Back in part 3, I explained that I was going to implement a types system and a type checker. This type checker would verify the program before compiling the final binary. It would simulate the stack by pushing and popping types to be sure that functions are consuming and returning the correct values.

Since the coming of type checking this version of stas is pretty stable for end users. I can start explaining how the language operates!

I’ll run you through a couple basic programs.

add.stas + while.stas

#include "std.stas"

main ! in do
    10 15 +=

    5 +=

    uputln
end

This is a very simple program. It starts by pushing 10 and 15 onto the stack and consuming them both to add them together. There is now one value on the stack.

Then 5 gets pushed with them both being added together. The resulting singular value is 30. The unsigned print function is called, taking 30 off of the stack and printing it. The “ln” at the end of the function means a newline will be printed after.

Everything in stas either consumes values from the stack, adds values onto the stack, or both. You cannot return from a function that returns nothing with values remaining on the stack. The new checker will point this out and give you an error.

The next one is a lot more complicated. While loops are a fundamental part of any language, but they work differently here. The top statements holds code that will be executed at every iteration of the loop, this code must leave a boolean value on the top of the stack. First, some background on the operators below.

The @ symbol is a special operator, it will duplicate the value on the top of the stack. This is very important for self contained while loops.

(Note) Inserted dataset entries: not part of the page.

Lemma cond_score_eq0_of_min k : measurable_fun setT k ->
  (forall h, measurable_fun setT h ->
     (surrogate_risk P X psi k <= surrogate_risk P X psi h)%E) ->
  cond_score_eq0 k.
Proof.
move=> mk kmin B mB.
have c_fin : (\int[P]_w `|psi w|%:E)%E \is a fin_num by exact: integrable_fin_num.
have r_fin : surrogate_risk P X psi k \is a fin_num.
  rewrite ge0_fin_numE ?surrogate_risk_ge0 //.
  have := kmin (fun=> 0) (measurable_cst _).
  rewrite surrogate_risk_cst0 -(fineK c_fin) -EFinM => /le_lt_trans->//.
  exact: ltry.
have iL : P.-integrable setT (EFin \o wloss k).
  apply/integrableP; split; first exact/measurable_EFinP/measurable_wloss.
  rewrite (_ : (\int[P]_w _)%E = surrogate_risk P X psi k) -?ge0_fin_numE //.
    exact: surrogate_risk_ge0.
  by apply: eq_integral => w _ /=; rewrite ger0_norm ?wloss_ge0.
have j_fin : (\int[P]_(w in X @^-1` B) (wloss' k w)%:E)%E \is a fin_num.
  apply: integrable_fin_num; first exact: measurable_preimage.
  exact: integrableS measurableT (measurable_preimage _ mB) (@subsetT _ _)
    (integrable_wloss' _ mk).
rewrite -(fineK j_fin); congr EFin.
apply: (@linear_coef_eq0 _ (fine (\int[P]_w `|psi w|%:E)%E)) => [|t ht].
  by rewrite fine_ge0 // integral_ge0.
have mkt : measurable_fun setT (fun x => k x + t * \1_B x).
  apply: measurable_funD => //.
  by apply: measurable_funM => //; exact: measurable_indic.
move: (le_trans (kmin _ mkt) (surrogate_risk_perturb_le _ _ _ mk mB iL ht)).
rewrite -(fineK c_fin) -(fineK r_fin) -(fineK j_fin) -!EFinM -!EFinD lee_fin /=.
lra.
Qed.

Lemma wloss'B k1 k2 w : wloss' k1 w - wloss' k2 w =
  2 * `|psi w| * (sigmoid (k1 (X w)) - sigmoid (k2 (X w))).
Proof. by rewrite /wloss' -mulrBr lloss'B mulrCA mulrA. Qed.

(* On [k2 < k1] the score difference [wloss' k1 - wloss' k2] is nonnegative with
   zero integral, hence vanishes a.e., and it vanishes only where [psi = 0]. *)
Lemma cond_score_eq0_psi0 {k1 k2} :
  measurable_fun setT k1 -> measurable_fun setT k2 ->
  cond_score_eq0 k1 -> cond_score_eq0 k2 ->
  {ae P, forall w, k2 (X w) < k1 (X w) -> psi w = 0}.
Proof.
move=> mk1 mk2 score1 score2.
have mB := measurable_set_ltr mk2 mk1; set B := [set x | _] in mB.
have mA := measurable_preimage _ mB; set A := X @^-1` B in mA.
have iA k : measurable_fun setT k -> P.-integrable A (EFin \o wloss' k).
  move=> mk.
  exact: integrableS measurableT mA (@subsetT _ _) (integrable_wloss' _ mk).
have D_ge0 w : A w -> 0 <= wloss' k1 w - wloss' k2 w.
  by move=> /sigmoid_lt lt; rewrite wloss'B !mulr_ge0 // subr_ge0 ltW.
have mD : measurable_fun A (EFin \o (fun w => wloss' k1 w - wloss' k2 w)).
  apply/measurable_EFinP/(measurable_funS measurableT) => //.
  by apply: measurable_funB; exact: measurable_wloss'.
have : (\int[P]_(w in A) `|(wloss' k1 w - wloss' k2 w)%:E| = 0)%E.
  transitivity (\int[P]_(w in A) (wloss' k1 w - wloss' k2 w)%:E)%E.
    by apply: eq_integral => w /[!inE] Aw; rewrite /= ger0_norm ?D_ge0.
  under eq_integral do rewrite EFinB.
  by rewrite integralB ?iA // score1 // score2 // subee.
move/(ae_eq_integral_abs P mA mD); apply: filterS => w D0 lt.
have := D0 lt; rewrite /= => /eqP; rewrite eqe wloss'B !mulf_eq0.
by rewrite pnatr_eq0 normr_eq0 subr_eq0 (gt_eqF (sigmoid_lt _ _ lt)) orbF => /eqP.
Qed.

Lemma cond_score_eq0_risk_eq {k1 k2} :
  measurable_fun setT k1 -> measurable_fun setT k2 ->
  cond_score_eq0 k1 -> cond_score_eq0 k2 ->
  surrogate_risk P X psi k1 = surrogate_risk P X psi k2.
Proof.
move=> mk1 mk2 score1 score2.
have psi0_12 := cond_score_eq0_psi0 mk1 mk2 score1 score2.
have psi0_21 := cond_score_eq0_psi0 mk2 mk1 score2 score1.
apply: ae_eq_integral => //.
- exact/measurable_EFinP/measurable_wloss.
- exact/measurable_EFinP/measurable_wloss.
apply: filterS2 psi0_12 psi0_21 => w psi0_12 psi0_21 _ /=.
case: (ltrgtP (k1 (X w)) (k2 (X w))) => [/psi0_21|/psi0_12|->] //;
  by rewrite /wloss => ->; rewrite normr0 !mul0r.
Qed.

Lemma cond_score_eq0P k : measurable_fun setT k ->
  cond_score_eq0 k <->
  exists m, is_cond_exp P X (wloss' k) m /\ {ae P, forall w, m (X w) = 0}.
Proof.
move=> mk; split=> [score0 | [m [[mm _ _ condE] m0]] B mB].
  exists (fun=> 0); split; last exact: aeW.
  split => [||| B mB]; first exact: measurable_cst.
  - exact: integrable_wloss'.
  - exact: integrable0.
  - by rewrite score0 // integral0.
rewrite condE // -(integral0 P (X @^-1` B)).
apply: ae_eq_integral => //; first exact: measurable_preimage.
- apply: (measurable_funS measurableT) => //.
  exact/measurable_EFinP/measurableT_comp.
- by apply: filterS m0 => w /= -> _.
Qed.

End SurrogateRisk.

Theorem theorem2 (dO dX : measure_display) (R : realType)
  (Omega : measurableType dO) (XX : measurableType dX)
  (P : probability Omega R)
  (X : Omega -> XX) (T Y Y1 Ym1 psi : Omega -> R)
  (d : nat) (Theta : set 'rV[R]_d) (g : 'rV[R]_d -> XX -> R)
  (thetastar : 'rV[R]_d) :
  (* the data (X, T, Y) and potential outcomes Y(1), Y(-1) *)
  measurable_fun setT X -> measurable_fun setT T -> measurable_fun setT Y ->
  measurable_fun setT Y1 -> measurable_fun setT Ym1 ->
  (forall w, T w = 1 \/ T w = -1) ->
  (forall w, Y w = if T w == 1 then Y1 w else Ym1 w) ->
  cond_indep P X Y1 T -> cond_indep P X Ym1 T ->
  (* psi is a score variable depending on the observables *)
  (exists f : XX * R * R -> R,
      measurable_fun setT f /\ forall w, psi w = f (X w, T w, Y w)) ->
  (* Assumption 1 *)
  (exists h1 h2 : XX -> R,
      [/\ is_cond_exp P X psi h1,
          is_cond_exp P X (fun w => Y1 w - Ym1 w) h2 &
          {ae P, forall w, h1 (X w) = h2 (X w)}]) ->
  P.-integrable setT (EFin \o (fun w => `|psi w|)) ->
  (* the policy class *)
  (forall th, Theta th -> measurable_fun setT (g th)) ->
  (* correct specification *)
  (exists th0, Theta th0 /\
     forall h : XX -> R, measurable_fun setT h ->
       (surrogate_risk P X psi (g th0) <= surrogate_risk P X psi h)%E) ->
  Theta thetastar ->
  ((forall th, Theta th ->
      (surrogate_risk P X psi (g thetastar) <= surrogate_risk P X psi (g th))%E)
   <->
   exists m : XX -> R,
     is_cond_exp P X
       (fun w => `|psi w| * lloss' (g thetastar (X w)) (sgn (psi w))) m /\
     {ae P, forall w, m (X w) = 0}).
Proof.
move=> mX mT mY _ _ _ _ _ _ [f [mf psiE]] _ ipsi mg [th0 [Th0 th0_min]] Th_star.
have mpsi : measurable_fun setT psi.
  rewrite (_ : psi = f \o (fun w => (X w, T w, Y w))); last exact/funext.
  apply: measurableT_comp => //.
  by apply: measurable_fun_pair => //; exact: measurable_fun_pair.
have score_th0 := cond_score_eq0_of_min P X psi mX mpsi ipsi _ (mg _ Th0) th0_min.
apply: iff_trans (cond_score_eq0P P X psi mX mpsi ipsi _ (mg _ Th_star)).
split=> [star_min | score_star th Th].
- apply: (cond_score_eq0_of_min P X psi mX mpsi ipsi _ (mg _ Th_star)) => h mh.
  exact: le_trans (star_min _ Th0) (th0_min _ mh).
- rewrite (cond_score_eq0_risk_eq P X psi mX mpsi ipsi (mg _ Th_star) (mg _ Th0)
    score_star score_th0).
  exact: th0_min (mg _ Th).
Qed.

The decrement operator (--), along with the increment operator (++), does not take values off the stack. It simply decrements/increments them. All comparison operators work by consuming two values from the stack and pushing a boolean after the comparison is done.

#include "std.stas"

main ! in do
    10

    while @ 0 > do
        "Hello!" println
        --
    end
    _
end

The program first pushes 10 onto the stack and enters the while loop. It then gets duplicated, zero gets pushed onto the stack and they both get compared. Notice how only the duplicate gets compared, while leaving the original value on the stack now exposed to the inner loop.

Inside the inner loop, a string gets pushed and then printed. This does not affect the value underneath the string left from the header.

Every while loop has an end though, that works by decrementing its value inside the inner loop. It enters back into the header and that value is now duplicated to be compared again!

After the while loop is done, it would leave a value of zero on the stack. Since you cannot leave functions that return nothing with values on the stack, it uses the drop operator. The drop operator or “_” , simply pops that value off the stack.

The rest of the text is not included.